▸ **PROBLEM TO SOLVE**: Nothing less than an exact copy of all the records is required.

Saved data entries
────
Lemma argmax_zero_pattern_of_table P Q t : is_argmax_condEnt P Q ->
  (diag_zero Q t /\ 0 < Q t false true /\ 0 < Q t true false) \/
  (anti_zero Q t /\ 0 < Q t false false /\ 0 < Q t true true) ->
  (forall t, diag_zero Q t) \/ (forall t, anti_zero Q t).
Proof.
  intros HA [[Hz [Ha Hb]] | [Hz [Ha Hb]]]; [left | right]; apply (bool_ind_negb _ t Hz).
  - exact (argmax_diag_zero_spreads P Q t HA Hz Ha Hb).
  - exact (argmax_anti_zero_spreads P Q t HA Hz Ha Hb).
Qed.

Lemma argmax_boundary_zero_pattern P Q :
  is_argmax_condEnt P Q -> ~ rel_interior (DeltaP P) Q ->
  (forall t, diag_zero Q t) \/ (forall t, anti_zero Q t).
Proof.
  intros HA Hnotint. pose proof HA as [HD _]. pose proof HD as [[Hn _] _].
  destruct (table_trichotomy Q false (Hn false)) as [Hint0 | H0];
    [|exact (argmax_zero_pattern_of_table P Q false HA H0)].
  destruct (table_trichotomy Q true (Hn true)) as [Hint1 | H1];
    [|exact (argmax_zero_pattern_of_table P Q true HA H1)].
  exfalso. apply Hnotint, rel_interior_DeltaP; [exact HD|]. intros []; assumption.
Qed.

Lemma table_g_min A q00 q01 q10 q11 : 0 < A -> A = q00 + q01 + q10 + q11 ->
  0 <= q00 -> 0 <= q11 -> q00 = 0 \/ q11 = 0 ->
  q00 / A - (q00 + q01) / A * ((q00 + q10) / A) =
  - Rmin ((q00 + q01) / A * ((q00 + q10) / A))
         ((1 - (q00 + q01) / A) * (1 - (q00 + q10) / A)).
Proof.
  intros HA EA H00 H11 Hz.
  assert (E : (1 - (q00 + q01) / A) * (1 - (q00 + q10) / A)
              - (q00 + q01) / A * ((q00 + q10) / A) = q11 / A - q00 / A)
    by (subst A; field; lra).
  pose proof (Rdiv_le_0_compat q00 A H00 HA). pose proof (Rdiv_le_0_compat q11 A H11 HA).
  destruct Hz as [-> | ->]; rewrite Rdiv_0_l in *;
    [rewrite Rmin_left | rewrite Rmin_right]; lra.
Qed.

Lemma table_g_max A q00 q01 q10 q11 : 0 < A -> A = q00 + q01 + q10 + q11 ->
  0 <= q01 -> 0 <= q10 -> q01 = 0 \/ q10 = 0 ->
  q00 / A - (q00 + q01) / A * ((q00 + q10) / A) =
  Rmin ((q00 + q01) / A * (1 - (q00 + q10) / A))
       ((1 - (q00 + q01) / A) * ((q00 + q10) / A)).
Proof.
  intros HA EA H01 H10 Hz.
  assert (E1 : (q00 + q01) / A * (1 - (q00 + q10) / A)
               - (q00 / A - (q00 + q01) / A * ((q00 + q10) / A)) = q01 / A)
    by (subst A; field; lra).
  assert (E2 : (1 - (q00 + q01) / A) * ((q00 + q10) / A)
               - (q00 / A - (q00 + q01) / A * ((q00 + q10) / A)) = q10 / A)
    by (subst A; field; lra).
  pose proof (Rdiv_le_0_compat q01 A H01 HA). pose proof (Rdiv_le_0_compat q10 A H10 HA).
  destruct Hz as [Hz | Hz]; rewrite Hz, Rdiv_0_l in *;
    [rewrite Rmin_left | rewrite Rmin_right]; lra.
Qed.

Lemma margT_margXT (Z : Dist) t : margT Z t = margXT Z false t + margXT Z true t.
Proof. unfold margT, margXT, sum2. ring. Qed.

Lemma par_g1_extreme P Q : 0 < par_a P -> DeltaP P Q ->
  (diag_zero Q false -> par_g1 P Q = g1_min P) /\
  (anti_zero Q false -> par_g1 P Q = g1_max P).
Proof.
  intros Ha [[Hn _] [HX HY]].
  unfold par_g1, g1_min, g1_max, par_b, par_d, par_a in *.
  rewrite margT_margXT, <- !HX, <- HY in *. unfold margXT, margYT, sum2 in *.
  split; intros Hz.
  - apply (table_g_min _ _ _ _ (Q false true true)); auto; ring.
  - apply (table_g_max _ _ _ _ (Q false true true)); auto; ring.
Qed.

Lemma par_g2_extreme P Q : is_dist P -> par_a P < 1 -> DeltaP P Q ->
  (diag_zero Q true -> par_g2 P Q = g2_min P) /\
  (anti_zero Q true -> par_g2 P Q = g2_max P).
Proof.
  intros [_ HP] Ha [[Hn _] [HX HY]].
  assert (E : 1 - par_a P = margT P true)
    by (unfold par_a, margT; rewrite <- HP; unfold sum2; ring).
  assert (Hb : 0 < margT P true) by lra.
  unfold par_g2, g2_min, g2_max, par_c, par_e. rewrite E.
  rewrite margT_margXT, <- !HX, <- HY in *. unfold margXT, margYT, sum2 in *.
  split; intros Hz.
  - apply (table_g_min _ _ _ _ (Q true true true)); auto; ring.
  - apply (table_g_max _ _ _ _ (Q true true true)); auto; ring.
Qed.

Theorem mainTheorem18 (P Qt : Dist) :
  is_dist P ->
  0 < par_a P < 1 ->
  is_argmax_condEnt P Qt ->
  rel_boundary (DeltaP P) Qt ->
  (par_g1 P Qt = g1_min P /\ par_g2 P Qt = g2_min P) \/
  (par_g1 P Qt = g1_max P /\ par_g2 P Qt = g2_max P).
Proof.
  intros HP Ha HA [_ Hnotint]. pose proof HA as [HD _].
  destruct (par_g1_extreme P Qt ltac:(lra) HD) as [G1min G1max].
  destruct (par_g2_extreme P Qt HP ltac:(lra) HD) as [G2min G2max].
  destruct (argmax_boundary_zero_pattern P Qt HA Hnotint) as [Hdiag | Hanti].
  - left. split; [apply G1min | apply G2min]; apply Hdiag.
  - right. split; [apply G1max | apply G2max]; apply Hanti.
Qed.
────
▸ **SOLUTION TO THIS EXERCISE**:
Lemma argmax_zero_pattern_of_table P Q t : is_argmax_condEnt P Q ->
  (diag_zero Q t /\ 0 < Q t false true /\ 0 < Q t true false) \/
  (anti_zero Q t /\ 0 < Q t false false /\ 0 < Q t true true) ->
  (forall t, diag_zero Q t) \/ (forall t, anti_zero Q t).
Proof.
  intros HA [[Hz [Ha Hb]] | [Hz [Ha Hb]]]; [left | right]; apply (bool_ind_negb _ t Hz).
  - exact (argmax_diag_zero_spreads P Q t HA Hz Ha Hb).
  - exact (argmax_anti_zero_spreads P Q t HA Hz Ha Hb).
Qed.

Lemma argmax_boundary_zero_pattern P Q :
  is_argmax_condEnt P Q -> ~ rel_interior (DeltaP P) Q ->
  (forall t, diag_zero Q t) \/ (forall t, anti_zero Q t).
Proof.
  intros HA Hnotint. pose proof HA as [HD _]. pose proof HD as [[Hn _] _].
  destruct (table_trichotomy Q false (Hn false)) as [Hint0 | H0];
    [|exact (argmax_zero_pattern_of_table P Q false HA H0)].
  destruct (table_trichotomy Q true (Hn true)) as [Hint1 | H1];
    [|exact (argmax_zero_pattern_of_table P Q true HA H1)].
  exfalso. apply Hnotint, rel_interior_DeltaP; [exact HD|]. intros []; assumption.
Qed.

Lemma table_g_min A q00 q01 q10 q11 : 0 < A -> A = q00 + q01 + q10 + q11 ->
  0 <= q00 -> 0 <= q11 -> q00 = 0 \/ q11 = 0 ->
  q00 / A - (q00 + q01) / A * ((q00 + q10) / A) =
  - Rmin ((q00 + q01) / A * ((q00 + q10) / A))
         ((1 - (q00 + q01) / A) * (1 - (q00 + q10) / A)).
Proof.
  intros HA EA H00 H11 Hz.
  assert (E : (1 - (q00 + q01) / A) * (1 - (q00 + q10) / A)
              - (q00 + q01) / A * ((q00 + q10) / A) = q11 / A - q00 / A)
    by (subst A; field; lra).
  pose proof (Rdiv_le_0_compat q00 A H00 HA). pose proof (Rdiv_le_0_compat q11 A H11 HA).
  destruct Hz as [-> | ->]; rewrite Rdiv_0_l in *;
    [rewrite Rmin_left | rewrite Rmin_right]; lra.
Qed.

Lemma table_g_max A q00 q01 q10 q11 : 0 < A -> A = q00 + q01 + q10 + q11 ->
  0 <= q01 -> 0 <= q10 -> q01 = 0 \/ q10 = 0 ->
  q00 / A - (q00 + q01) / A * ((q00 + q10) / A) =
  Rmin ((q00 + q01) / A * (1 - (q00 + q10) / A))
       ((1 - (q00 + q01) / A) * ((q00 + q10) / A)).
Proof.
  intros HA EA H01 H10 Hz.
  assert (E1 : (q00 + q01) / A * (1 - (q00 + q10) / A)
               - (q00 / A - (q00 + q01) / A * ((q00 + q10) / A)) = q01 / A)
    by (subst A; field; lra).
  assert (E2 : (1 - (q00 + q01) / A) * ((q00 + q10) / A)
               - (q00 / A - (q00 + q01) / A * ((q00 + q10) / A)) = q10 / A)
    by (subst A; field; lra).
  pose proof (Rdiv_le_0_compat q01 A H01 HA). pose proof (Rdiv_le_0_compat q10 A H10 HA).
  destruct Hz as [Hz | Hz]; rewrite Hz, Rdiv_0_l in *;
    [rewrite Rmin_left | rewrite Rmin_right]; lra.
Qed.

Lemma margT_margXT (Z : Dist) t : margT Z t = margXT Z false t + margXT Z true t.
Proof. unfold margT, margXT, sum2. ring. Qed.

Lemma par_g1_extreme P Q : 0 < par_a P -> DeltaP P Q ->
  (diag_zero Q false -> par_g1 P Q = g1_min P) /\
  (anti_zero Q false -> par_g1 P Q = g1_max P).
Proof.
  intros Ha [[Hn _] [HX HY]].
  unfold par_g1, g1_min, g1_max, par_b, par_d, par_a in *.
  rewrite margT_margXT, <- !HX, <- HY in *. unfold margXT, margYT, sum2 in *.
  split; intros Hz.
  - apply (table_g_min _ _ _ _ (Q false true true)); auto; ring.
  - apply (table_g_max _ _ _ _ (Q false true true)); auto; ring.
Qed.

Lemma par_g2_extreme P Q : is_dist P -> par_a P < 1 -> DeltaP P Q ->
  (diag_zero Q true -> par_g2 P Q = g2_min P) /\
  (anti_zero Q true -> par_g2 P Q = g2_max P).
Proof.
  intros [_ HP] Ha [[Hn _] [HX HY]].
  assert (E : 1 - par_a P = margT P true)
    by (unfold par_a, margT; rewrite <- HP; unfold sum2; ring).
  assert (Hb : 0 < margT P true) by lra.
  unfold par_g2, g2_min, g2_max, par_c, par_e. rewrite E.
  rewrite margT_margXT, <- !HX, <- HY in *. unfold margXT, margYT, sum2 in *.
  split; intros Hz.
  - apply (table_g_min _ _ _ _ (Q true true true)); auto; ring.
  - apply (table_g_max _ _ _ _ (Q true true true)); auto; ring.
Qed.

Theorem mainTheorem18 (P Qt : Dist) :
  is_dist P ->
  0 < par_a P < 1 ->
  is_argmax_condEnt P Qt ->
  rel_boundary (DeltaP P) Qt ->
  (par_g1 P Qt = g1_min P /\ par_g2 P Qt = g2_min P) \/
  (par_g1 P Qt = g1_max P /\ par_g2 P Qt = g2_max P).
Proof.
  intros HP Ha HA [_ Hnotint]. pose proof HA as [HD _].
  destruct (par_g1_extreme P Qt ltac:(lra) HD) as [G1min G1max].
  destruct (par_g2_extreme P Qt HP ltac:(lra) HD) as [G2min G2max].
  destruct (argmax_boundary_zero_pattern P Qt HA Hnotint) as [Hdiag | Hanti].
  - left. split; [apply G1min | apply G2min]; apply Hdiag.
  - right. split; [apply G1max | apply G2max]; apply Hanti.
Qed.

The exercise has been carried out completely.